▸ EXERCISE
The lines to extract begin at the one containing "apply: teq_trans (teq_compA" and run to the end of the listing; set them down exactly and alone.

▸ DATA FOR PROCESSING

(* Let $a,b>0$, $p>1$, and let $x^*\in\mathbb{R}^2$ be fixed. If $x^*\in\mathcal{D}_p$, then its metric projection onto $\mathcal{D}_p$ is $x^*$. Otherwise, if $x^*\in\mathbb{R}^2\setminus\mathcal{D}_p$, then for any initial integer $k\ge 3$, the sequence $(x^n)_{n\ge1}$ generated by the algorithm described below converges to the metric projection of $x^*$ onto the superellipse $\mathcal{C}_p$ (the point of $\mathcal{C}_p$ nearest to $x^*$).
   Context: $\|(x,y)\|_p=\left(|x/a|^p+|y/b|^p\right)^{1/p}$; $\mathcal{C}_p=\{(x,y)\mid |x/a|^p+|y/b|^p=1\}$; $\mathcal{D}_p=\{(x,y)\mid |x/a|^p+|y/b|^p\le1\}=\operatorname{conv}(\mathcal{C}_p)$. Distances and metric projections are Euclidean. For an integer $m\ge3$, $\mathcal{P}_{p,m}$ is the closed polygon with vertices $P^{(m)}_t=\varphi_p\!\left(\cos\frac{2t\pi}{m},\sin\frac{2t\pi}{m}\right)$, $t=0,\dots,m-1$, where $\varphi_p(u,v)=(u,v)/\|(u,v)\|_p$, and edges $[P^{(m)}_t,P^{(m)}_{t+1}]$ (indices mod $m$); $\mathcal{Q}_{p,m}=\operatorname{conv}(\mathcal{P}_{p,m})$. Algorithm (for $x^*\notin\mathcal{D}_p$, initial $k\ge3$): Step 1: $x^1$ is the metric projection of $x^*$ onto $\mathcal{P}_{p,k}$; it lies either in the relative interior of a unique edge $[P^{(k)}_t,P^{(k)}_{t+1}]$ or equals a vertex $P^{(k)}_t$. Refinement step: given $x^n$ the projection of $x^*$ onto $\mathcal{P}_{p,m}$ ($m=2^{n-1}k$), pass to $\mathcal{P}_{p,2m}$ with vertices $Q_l=P^{(2m)}_l$ (so $P^{(m)}_t=Q_{2t}$). If $x^n$ lies in the relative interior of the edge $[P^{(m)}_t,P^{(m)}_{t+1}]$, compute the projections of $x^*$ onto the edges $[Q_{2t},Q_{2t+1}]$ and $[Q_{2t+1},Q_{2t+2}]$; if $x^n=P^{(m)}_t$, compute the projections of $x^*$ onto $[Q_{2t-1},Q_{2t}]$ and $[Q_{2t},Q_{2t+1}]$ (indices mod $2m$). Then $x^{n+1}$ is whichever of these two projections is nearer to $x^*$; it is the metric projection of $x^*$ onto $\mathcal{P}_{p,2m}$. *)

From Stdlib Require Import Reals Lra.
Open Scope R_scope.

(* |u|^p for real p > 0, with the convention |0|^p = 0
   (Stdlib's Rpower 0 p would give 1, hence the case split). *)
Definition abspow (u p : R) : R :=
  if Req_EM_T u 0 then 0 else Rpower (Rabs u) p.

Definition pnorm (a b p : R) (z : R * R) : R :=
  let s := abspow (fst z / a) p + abspow (snd z / b) p in
  if Req_EM_T s 0 then 0 else Rpower s (1 / p).

Definition inC (a b p : R) (z : R * R) : Prop :=
  abspow (fst z / a) p + abspow (snd z / b) p = 1.
Definition inD (a b p : R) (z : R * R) : Prop :=
  abspow (fst z / a) p + abspow (snd z / b) p <= 1.

Definition dist2 (z w : R * R) : R :=
  sqrt ((fst z - fst w) ^ 2 + (snd z - snd w) ^ 2).

Definition is_proj (S : R * R -> Prop) (x y : R * R) : Prop :=
  S y /\ forall z, S z -> dist2 x y <= dist2 x z.

Definition phi (a b p : R) (z : R * R) : R * R :=
  (fst z / pnorm a b p z, snd z / pnorm a b p z).

Definition vertex (a b p : R) (m t : nat) : R * R :=
  phi a b p (cos (2 * INR t * PI / INR m), sin (2 * INR t * PI / INR m)).

Definition seg (A B : R * R) (z : R * R) : Prop :=
  exists s, 0 <= s <= 1 /\ z = ((1 - s) * fst A + s * fst B, (1 - s) * snd A + s * snd B).
Definition relint_seg (A B : R * R) (z : R * R) : Prop :=
  exists s, 0 < s < 1 /\ z = ((1 - s) * fst A + s * fst B, (1 - s) * snd A + s * snd B).

Definition polygon (a b p : R) (m : nat) (z : R * R) : Prop :=
  exists t, (t < m)%nat /\ seg (vertex a b p m t) (vertex a b p m (S t)) z.

Definition nearer_proj (S1 S2 : R * R -> Prop) (x y : R * R) : Prop :=
  exists y1 y2, is_proj S1 x y1 /\ is_proj S2 x y2 /\
    ((y = y1 /\ dist2 x y1 <= dist2 x y2) \/ (y = y2 /\ dist2 x y2 <= dist2 x y1)).

(* one refinement step of the algorithm: from x^n (projection onto P_{p,m})
   to x^{n+1}, with Q_l = P^{(2m)}_l. Index 2t-1 (mod 2m) is written 2t+2m-1. *)
Definition refine_step (a b p : R) (m : nat) (xs xn xn1 : R * R) : Prop :=
  let Q := vertex a b p (2 * m) in
  (forall t, (t < m)%nat ->
     relint_seg (vertex a b p m t) (vertex a b p m (S t)) xn ->
     nearer_proj (seg (Q (2 * t)%nat) (Q (2 * t + 1)%nat))
                 (seg (Q (2 * t + 1)%nat) (Q (2 * t + 2)%nat)) xs xn1) /\
  (forall t, (t < m)%nat ->
     xn = vertex a b p m t ->
     nearer_proj (seg (Q (2 * t + 2 * m - 1)%nat) (Q (2 * t)%nat))
                 (seg (Q (2 * t)%nat) (Q (2 * t + 1)%nat)) xs xn1).

Definition converges (x : nat -> R * R) (y : R * R) : Prop :=
  forall eps, 0 < eps -> exists N, forall n, (N <= n)%nat -> dist2 (x n) y < eps.

From Stdlib Require Import Reals Lra Lia Psatz Arith Classical.
Open Scope R_scope.
Lemma cap_gen_cup_word wc i r k : cup_word wc ->
  wt (Comp (gen (false, i, r)) (word k wc)) ->
  normalizable k (Comp (gen (false, i, r)) (word k wc)).
Proof.
elim: wc i r => [|[[[] j] s] wc IH] i r //.
  move=> _ wX; right; exists [::], [:: (false, i, r)], (i + (0 + r)); split=> //.
  exact: teq_sym (teq_comp1l wX).
move=> cw /= [_ [_ ww eW] eC].
have XA := teq_compAl (wt_gen (false, i, r)) (wt_gen (true, j, s)) ww eC eW.
case: (cap_cup_reduce (esym eC)) => [X0|Xid|[j' [s' [i' [r' Xex]]]]].
- by left; apply: is_zero_teq XA (is_zero_compl X0 ww _).
- have eId : tgt (word k wc) = i + (0 + r) by rewrite eW; exact: teq_src Xid.
  right; exists wc, [::], k; split=> //; first by split=> //; rewrite src_word.
  apply: teq_trans XA (teq_trans (teq_compl Xid ww eW) _).
  apply: teq_trans (teq_comp1l_at ww eId) _.
  exact: teq_sym (teq_comp1r_at ww (src_word ww)).
have [_ [wg wh eh] es _] := teq_wt Xex.
have eW' : tgt (word k wc) = src (gen (false, i', r')) by rewrite eW; exact: es.
apply: normalizable_teq (teq_trans XA (teq_compl Xex ww eW)) _.
apply: normalizable_teq (teq_compA _) _; first by split=> //; split.
apply: normalizable_cup; first by split=> //; split.
exact: IH.
Qed.

Lemma word_normalizable n w : wt (word n w) -> normalizable n (word n w).
Proof.
elim: w => [_|g w IH [wg ww e]].
  by right; exists [::], [::], n; split=> //; exact: teq_sym (teq_comp1l (f := Id n) I).
case: (IH ww) => [W0|[wc [wa [k' [cw ca [wU wA eUA] WUA]]]]].
  by left; apply: is_zero_compr.
have eU : tgt (word k' wc) = src (gen g) by rewrite -e (teq_tgt WUA).
have XA : teq (word n (g :: w)) (Comp (Comp (gen g) (word k' wc)) (word n wa)).
  exact: teq_trans (teq_compr wg WUA e) (teq_compAl wg wU wA eU eUA).
case: g wg e eU XA => [[[] i] r] wg e eU XA.
  by right; exists ((true, i, r) :: wc), wa, k'; split.
have eA : tgt (word n wa) = k' by rewrite eUA src_word.
have [X0|[wc' [wa' [k'' [cw' ca' /= [wU' wA' eUA'] CUA]]]]] :=
  cap_gen_cup_word cw (And3 wg wU eU).
  by left; apply: is_zero_teq XA (is_zero_compl X0 wA _); rewrite /= src_word.
have cat := word_cat wA' wA eA.
right; exists wc', (wa' ++ wa), k''; split=> //.
- by rewrite /cap_word all_cat; apply/andP.
- by split=> //; [exact: teq_wtl cat | rewrite (teq_tgt cat)].
apply: teq_trans XA (teq_trans (teq_compl CUA wA eUA) _).
have eA' : tgt (word n wa) = src (word k' wa') by rewrite eA src_word.
apply: teq_trans (teq_compA _) _; first by split=> //; split.
by apply: teq_compr => //; apply: teq_sym.
Qed.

▸ EXPECTED ANSWER
apply: teq_trans (teq_compA _) _; first by split=> //; split.
by apply: teq_compr => //; apply: teq_sym.
Qed.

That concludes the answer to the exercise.